This year, my birthday, and the holiday Rosh Hashanah fall on the same day. Rosh Hashanah, has several names, it is the Feast of Trumpets, the beginning of a new year in the Jewish faith, the head of the year, the birthday of the world, the celebration of creation and it is the beginning of the High Holy Days.
It is a time for reflection, recognizing ones failures and shortcomings of the previous year, repenting and beginning the new year afresh.
Unlike birthdays where we eat cake, traditionally honey and apples are served at Rosh Hashanah. They serve as a symbol of hope for a sweet year ahead. If you’ve never eaten an apple dipped in honey you are missing a very special treat.
I have written before how September was always a special month for me and a time of new beginning. For one, it is my birthday month and my age ticked up another year, it was also the start of a new school year which marked a new beginning. Later in life, much later, I learned it was also a time of new beginning in G-d’s timetable.
As I reflect on my year gone by, I see many things I regret but I also see ways I have grown.

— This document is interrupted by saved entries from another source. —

Lemma tight_face g i y : G g -> (forall k, beta k <= inner (n k) y) ->
  inner (n i) y = beta i -> face n beta i y.
Proof.
move=> Gg yG yi; have clG := polyG_closure Gg yG.
have not_int A : A `<=` halfspace (n i) (beta i) -> ~ interior A y.
  by move=> Ai /interior_subset /Ai; rewrite /halfspace /= yi ltxx.
split; split => //; last by apply: not_int => z /(_ i Logic.I).
- exact: closureS (fun z (Gz : G z) => Gz i Logic.I) _ clG.
- exact: not_int.
Qed.

Lemma face_inner_ge0 i x y : face n beta i x -> closure G y -> 0 <= inner (n i) (y - x).
Proof. by move=> fx clGy; rewrite innerB (face_tight fx) subr_ge0; exact: closure_polyG. Qed.

End Faces.

Lemma InP (T : eqType) (x : T) (s : seq T) : reflect (List.In x s) (x \in s).
Proof.
elim: s => [|y s IH] /=; first by right.
rewrite inE; apply: (iffP orP) => [[/eqP->|/IH]|[->|/IH]]; by [left | right | left | right].
Qed.

Lemma near0_mulr_lt (R : realType) (M a : R) : 0 <= M -> 0 < a ->
  \forall r \near 0^'+, M * r < a.
Proof.
move=> M0 a0; near=> r.
have r0 : 0 < r by near: r; exact: nbhs_right_gt.
have : r < a / (M + 1) by near: r; apply: nbhs_right_lt; rewrite divr_gt0 //; lra.
by rewrite ltr_pdivlMr; [nra | lra].
Unshelve. all: by end_near. Qed.

Section Coordinates.
Variables (R : realType) (d : nat).

Definition coords (x : 'rV[R]_d) : nat -> R :=
  fun i => if insub i is Some k then x ord0 k else 0.

Lemma coordsE x (k : 'I_d) : coords x k = x ord0 k.
Proof. by rewrite /coords valK. Qed.

Lemma row_coords x : \row_(k < d) coords x k = x.
Proof. by apply/rowP => k; rewrite mxE coordsE. Qed.

Definition ge_constr (a : 'rV[R]_d) (b : R) : (nat -> R) * R := (coords a, b).

Lemma aeval_ge_constr a b (y : nat -> R) :
  aeval d (ge_constr a b) y = inner a (\row_(k < d) y k) - b.
Proof. by rewrite /aeval /inner /=; congr (_ - _); apply: eq_bigr => k _; rewrite coordsE mxE. Qed.

End Coordinates.

Section FaceSystem.
Variables (R : realType) (d I : nat) (n : 'I_I -> 'rV[R]_d) (beta : 'I_I -> R).
Local Notation G := (polyG n beta).
Local Notation faces J := (\bigcap_(j in [set j | j \in J]) face n beta j).

Definition face_system (J : {set 'I_I}) : list ((nat -> R) * R) :=
  List.map (fun k => ge_constr (n k) (beta k)) (enum 'I_I) ++
  List.map (fun j => ge_constr (- n j) (- beta j)) (enum J).
Lemma Rsum_le f g p : (forall k, (k < p)%nat -> f k <= g k) -> Rsum f p <= Rsum g p.
Proof.
  induction p; intros H; simpl; [lra|].
  pose proof (H p ltac:(lia)). pose proof (IHp ltac:(intros; apply H; lia)). lra.
Qed.

Lemma Rsum_pos f p : (forall k, (k < p)%nat -> 0 <= f k) -> 0 <= Rsum f p.
Proof.
  induction p; intros H; simpl; [lra|].
  pose proof (H p ltac:(lia)). pose proof (IHp ltac:(intros; apply H; lia)). lra.
Qed.

Lemma Rsum_add f g p : Rsum (fun k => f k + g k) p = Rsum f p + Rsum g p.
Proof. induction p; simpl; [|rewrite IHp]; ring. Qed.

Lemma Rsum_mull c f p : Rsum (fun k => c * f k) p = c * Rsum f p.
Proof. induction p; simpl; [|rewrite IHp]; ring. Qed.

Lemma Rsum_const c p : Rsum (fun _ => c) p = INR p * c.
Proof. induction p; simpl Rsum; [simpl|rewrite IHp, S_INR]; ring. Qed.

Lemma Rsum_ext f g p : (forall k, (k < p)%nat -> f k = g k) -> Rsum f p = Rsum g p.
Proof.
  induction p; intros H; simpl; auto.
  rewrite IHp by (intros; apply H; lia). rewrite H by lia; auto.
Qed.

Lemma Rsum_swap (f : nat -> nat -> R) p q :
  Rsum (fun k => Rsum (fun l => f k l) q) p = Rsum (fun l => Rsum (fun k => f k l) p) q.
Proof.
  induction p; simpl.
  - induction q; simpl; [auto|rewrite <- IHq; ring].
  - rewrite IHp, <- Rsum_add; auto.
Qed.

Lemma Rsum_ge_term f p k : (forall k, (k < p)%nat -> 0 <= f k) -> (k < p)%nat -> f k <= Rsum f p.
Proof.
  induction p; intros H Hk; [lia|]. simpl.
  assert (0 <= Rsum f p) by (apply Rsum_pos; intros; apply H; lia).
  destruct (Nat.eq_dec k p); [subst; lra|].
  pose proof (IHp ltac:(intros; apply H; lia) ltac:(lia)). pose proof (H p ltac:(lia)). lra.
Qed.
(* Let $A$ be a real upper-triangular $d\times d$ matrix with real nonzero eigenvalues. If $A$ is invertible and $\lambda_i(A)\neq\lambda_{i'}(A)$ for all $i\neq i'$, then $T_A=P_{\rm low}(1\otimes A^T-A\otimes1)P_{\rm low}^T$ is invertible.
   Context: $\otimes$ is the Kronecker product, $1$ the identity. $P_{\rm low}\in\{0,1\}^{\frac{d(d-1)}2\times d^2}$ has as rows the standard basis row vectors of $\mathbb R^{d^2}$ selecting (in increasing order) the entries of the column-wise vectorization ${\rm vec}(B)$ corresponding to strictly lower-triangular entries ($i>j$) of $B$. *)

From HB Require Import structures.
From mathcomp Require Import all_boot all_order all_algebra.
From mathcomp Require Import mxtens.
From mathcomp Require Import reals.
Set Implicit Arguments. Unset Strict Implicit. Unset Printing Implicit Defensive.
Import Order.TTheory GRing.Theory Num.Theory.
Local Open Scope ring_scope.

(* Column-wise vectorization vec(B) of a d x d matrix: entry B i j sits at
   0-based position j*d + i, i.e. mxtens_index (j, i).  A position p thus
   corresponds to row p %% d and column p %/ d, and is strictly
   lower-triangular iff p %/ d < p %% d. *)
Definition low_pos (d : nat) : seq nat :=
  [seq p <- iota 0 (d * d) | (p %/ d < p %% d)%N].

Definition P_low (R : pzRingType) (d : nat) : 'M[R]_((d * (d - 1)) %/ 2, d * d) :=
  \matrix_(k, c) ((val c == nth 0%N (low_pos d) k)%:R).

Definition T_mat (R : comPzRingType) (d : nat) (A : 'M[R]_d) :
    'M[R]_((d * (d - 1)) %/ 2) :=
  P_low R d *m ((1%:M *t A^T) - (A *t 1%:M)) *m (P_low R d)^T.

From HB Require Import structures.
From mathcomp Require Import all_boot all_order all_algebra.
From mathcomp Require Import mxtens zify.
From mathcomp Require Import reals.
Set Implicit Arguments. Unset Strict Implicit. Unset Printing Implicit Defensive.
Import Order.TTheory GRing.Theory Num.Theory.
Local Open Scope ring_scope.

(* If v T_A = 0, then w = v P_low is the column-wise vectorization of a
   strictly lower-triangular matrix X, and v T_A = 0 says that the strictly
   lower part of A X - X A vanishes.  For i > j the (i, j) entry of A X - X A
   is (a_ii - a_jj) x_ij plus entries of X farther from the diagonal, so, the
   diagonal entries of A being its distinct eigenvalues, X vanishes by
   induction from the lower-left corner inwards.  Finally v = w P_low^T,
   because P_low P_low^T = 1. *)

Lemma count_gtn_iota (m n : nat) : count (fun b => m < b)%N (iota 0 n) = (n - m.+1)%N.
Proof.
elim: n => [|n IHn] //; rewrite -[n.+1]addn1 iotaD count_cat IHn /= addn0.
by case: ltnP; lia.
Qed.

Lemma size_low_pos (d : nat) : size (low_pos d) = ((d * (d - 1)) %/ 2)%N.
Proof.
have count_prefix m : (m <= d)%N ->
    count (fun p => p %/ d < p %% d)%N (iota 0 (m * d)) = (\sum_(a < m) (d - a.+1))%N.
  elim: m => [|m IHm] lt_md; first by rewrite big_ord0.
  rewrite mulSnr iotaD count_cat IHm ?(ltnW lt_md) // big_ord_recr /= add0n.
  congr (_ + _)%N; rewrite -[(m * d)%N]addn0 iotaDl count_map -count_gtn_iota.
  apply: eq_in_count => b; rewrite mem_iota add0n /= => lt_bd.
  by rewrite divnMDl ?modnMDl ?divn_small ?modn_small ?addn0 //; lia.
rewrite size_filter count_prefix // (reindex_inj rev_ord_inj) /=.
rewrite (eq_bigr (@nat_of_ord d)) => [|j _]; last by have := ltn_ord j; lia.
by rewrite -(big_mkord xpredT id) bin2_sum bin2 -divn2 subn1.
Qed.

Section SelectionMatrix.

Variables (R : pzRingType) (k n : nat) (s : seq nat).

Definition sel_mx : 'M[R]_(k, n) := \matrix_(i, c) ((val c == nth 0%N s i)%:R).

Hypothesis size_s : size s = k.

Lemma mul_sel_mx_notin (v : 'rV[R]_k) (c : 'I_n) : val c \notin s -> (v *m sel_mx) 0 c = 0.
Proof.
move=> c_notin_s; rewrite mxE big1 // => i _; rewrite mxE.
case: eqP => [c_eq|]; last by rewrite mulr0.
by move: c_notin_s; rewrite c_eq mem_nth ?size_s.
Qed.

Lemma mul_sel_mx_tr_eq0 (u : 'rV[R]_n) :
  u *m sel_mx^T = 0 -> forall c : 'I_n, val c \in s -> u 0 c = 0.
Proof.
move=> /rowP u0 c c_in_s; have lt_ck : (index (val c) s < k)%N by rewrite -size_s index_mem.
move: (u0 (Ordinal lt_ck)); rewrite !mxE (bigD1 c) //= big1 => [|c' ne_c'c].
  by rewrite !mxE nth_index // eqxx mulr1 addr0.
by rewrite !mxE nth_index // val_eqE (negbTE ne_c'c) mulr0.
Qed.

Hypotheses (s_uniq : uniq s) (s_lt : {in s, forall p, p < n}%N).

Lemma sel_mx_mul_tr : sel_mx *m sel_mx^T = 1%:M.
Proof.
apply/matrixP => i j; have lt_ik : (i < size s)%N by rewrite size_s.
have lt_si : (nth 0%N s i < n)%N by apply/s_lt/mem_nth.
rewrite !mxE (bigD1 (Ordinal lt_si)) //= big1 => [|c ne_ci].
  by rewrite !mxE eqxx mul1r addr0 nth_uniq ?size_s.
by move: ne_ci; rewrite !mxE -val_eqE /= => /negbTE ->; rewrite mul0r.
Qed.

End SelectionMatrix.

Lemma mem_low_pos (d : nat) (a b : 'I_d) :
  (val (mxtens_index (a, b)) \in low_pos d) = (a < b)%N.
Proof.
rewrite mem_filter mem_iota /= divnMDl ?modnMDl ?divn_small ?modn_small ?addn0 //.
  by rewrite add0n (mxtens_index_proof (a, b)) andbT.
exact: leq_ltn_trans (leq0n b) (ltn_ord b).
Qed.

Lemma P_lowE (R : pzRingType) (d : nat) :
  P_low R d = sel_mx R _ (d * d) (low_pos d).
Proof. by []. Qed.

(* Inverse of the row-major flattening used by [*t]; applied to the
   column-wise vectorization of X it returns X^T. *)
Definition tens_vec_mx {R : Type} {m n : nat} (u : 'rV[R]_(m * n)) : 'M[R]_(m, n) :=
  \matrix_(i, j) u 0 (mxtens_index (i, j)).

Lemma tens_vec_mx_eq0 (R : pzRingType) (m n : nat) (u : 'rV[R]_(m * n)) :
  tens_vec_mx u = 0 -> u = 0.
Proof.
move=> /matrixP u0; apply/rowP => p; rewrite mxE.
rewrite -[p]mxtens_unindexK; case: (mxtens_unindex p) => i j.
by have := u0 i j; rewrite !mxE.
Qed.

Lemma tens_vec_mxB (R : zmodType) (m n : nat) (u u' : 'rV[R]_(m * n)) :
  tens_vec_mx (u - u') = tens_vec_mx u - tens_vec_mx u'.
Proof. by apply/matrixP => i j; rewrite !mxE. Qed.

Lemma tens_vec_mx_mul_tens (R : comPzRingType) (m n p q : nat)
    (u : 'rV[R]_(m * n)) (C : 'M[R]_(m, p)) (D : 'M[R]_(n, q)) :
  tens_vec_mx (u *m (C *t D)) = C^T *m tens_vec_mx u *m D.
Proof.
apply/matrixP => i j; rewrite !mxE (reindex (@mxtens_index m n)) /=; last first.
  by exists (@mxtens_unindex m n) => k _; rewrite (mxtens_indexK, mxtens_unindexK).
rewrite [RHS](eq_bigr (fun b => \sum_a C a i * u 0 (mxtens_index (a, b)) * D b j)).
  rewrite exchange_big pair_big /=; apply: eq_bigr => -[a b] _.
  by rewrite tensmxE mulrA [u _ _ * _]mulrC.
by move=> b _; rewrite mxE mulr_suml; apply: eq_bigr => a _; rewrite !mxE.
Qed.

Lemma char_poly_trmx (R : comNzRingType) (d : nat) (A : 'M[R]_d) :
  char_poly A^T = char_poly A.
Proof.
by rewrite /char_poly -det_tr /char_poly_mx linearB /= tr_scalar_mx map_trmx trmxK.
Qed.

Lemma trig_diag_inj (R : fieldType) (d : nat) (B : 'M[R]_d) (lam : 'I_d -> R) :
  is_trig_mx B -> char_poly B = \prod_(i < d) ('X - (lam i)%:P) ->
  injective lam -> injective (fun i => B i i).
Proof.
have prod_map (f : 'I_d -> R) :
    \prod_(i < d) ('X - (f i)%:P) = \prod_(x <- map f (enum 'I_d)) ('X - x%:P).
  by rewrite big_map big_enum.
move=> B_trig; rewrite char_poly_trig // !prod_map => /prod_XsubC_eq eq_diag_lam lam_inj.
apply/injectiveP; rewrite /injectiveb /dinjectiveb.
by rewrite (perm_uniq eq_diag_lam) map_inj_uniq ?enum_uniq.
Qed.

Lemma strict_upper_comm_trig_eq0 (R : idomainType) (d : nat) (B W : 'M[R]_d) :
  is_trig_mx B -> injective (fun i => B i i) ->
  (forall a b : 'I_d, (b <= a)%N -> W a b = 0) ->
  (forall c e : 'I_d, (c < e)%N -> (W *m B - B *m W) c e = 0) ->
  W = 0.
Proof.
move=> /is_trig_mxP B_trig B_diag W_upper W_comm.
(* Induction on the distance e - c from the diagonal, outermost entries first. *)
suff W0 k (c e : 'I_d) : (d <= e - c + k)%N -> W c e = 0.
  by apply/matrixP => a b; rewrite mxE (W0 d) ?leq_addl.
elim: k c e => [|k IHk] c e le_d.
  by have := ltn_ord e; lia.
have [lt_ce|] := ltnP c e; last exact: W_upper.
have := W_comm c e lt_ce; rewrite !mxE (bigD1 e) //= [X in _ - X](bigD1 c) //=.
rewrite big1 => [|b ne_be]; last first.
  have [lt_be|lt_eb] := ltnP b e; first by rewrite B_trig ?mulr0.
  by rewrite IHk ?mul0r //; move: ne_be; rewrite -val_eqE /=; lia.
rewrite [X in _ - (_ + X)]big1 => [|a ne_ac]; last first.
  have [lt_ca|lt_ac] := ltnP c a; first by rewrite B_trig ?mul0r.
  by rewrite IHk ?mulr0 //; move: ne_ac; rewrite -val_eqE /=; lia.
rewrite !addr0 mulrC -mulrBl => /eqP; rewrite mulf_eq0 subr_eq0 => /orP[/eqP/B_diag eq_ec|/eqP //].
by move: lt_ce; rewrite eq_ec ltnn.
Qed.

Theorem lemma8 (R : realType) (d : nat) (A : 'M[R]_d) (lam : 'I_d -> R) :
  (forall i j : 'I_d, (j < i)%N -> A i j = 0) ->
  char_poly A = \prod_(i < d) ('X - (lam i)%:P) ->
  (forall i, lam i != 0) ->
  A \in unitmx ->
  injective lam ->
  T_mat A \in unitmx.
Proof.
move=> A_upper char_A _ _ lam_inj.
have AT_trig : is_trig_mx A^T by apply/is_trig_mxP => i j lt_ij; rewrite mxE A_upper.
have AT_diag := @trig_diag_inj _ _ _ lam AT_trig (etrans (char_poly_trmx A) char_A) lam_inj.
have size_low := size_low_pos d.
have low_uniq : uniq (low_pos d) by rewrite filter_uniq ?iota_uniq.
have low_lt : {in low_pos d, forall p, p < d * d}%N.
  by move=> p; rewrite mem_filter mem_iota => /and3P[].
rewrite -row_free_unit; apply: inj_row_free => v; rewrite /T_mat P_lowE !mulmxA.
set w := v *m sel_mx _ _ _ _ => Tv0.
suff /tens_vec_mx_eq0 w0 : tens_vec_mx w = 0.
  by rewrite -[v]mulmx1 -(sel_mx_mul_tr R size_low low_uniq low_lt) mulmxA -/w w0 mul0mx.
apply: strict_upper_comm_trig_eq0 AT_trig AT_diag _ _ => [a b le_ba | c e lt_ce].
  by rewrite mxE mul_sel_mx_notin // mem_low_pos -leqNgt.
have -> : tens_vec_mx w *m A^T - A^T *m tens_vec_mx w =
    tens_vec_mx (w *m (1%:M *t A^T - A *t 1%:M)).
  by rewrite mulmxBr tens_vec_mxB !tens_vec_mx_mul_tens trmx1 mul1mx mulmx1.
by rewrite mxE (mul_sel_mx_tr_eq0 size_low Tv0) ?mem_low_pos.
Qed.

I see my reactions to the frustrations and heartaches around me and in the world and I want to look more positively on how I can make a difference and not just complain.
Of course birthday’s traditionally come with wishes. If I could wish for anything on my birthday and have wish come true, I would wish for world peace, I would wish for an end to hunger, the end of sorrow, the end of hate.
If all those wishes are too grandiose or difficult, alternatively, I could ask for a cure for cancer and disease, healing for those who are sick especially one so close to me and so young. I would wish that we all could “love our neighbors as ourselves” – and I would wish that this love could start in my heart, with me.
Shanah Tovah u’metukah! May this year of 5783 be a good and sweet year for us all.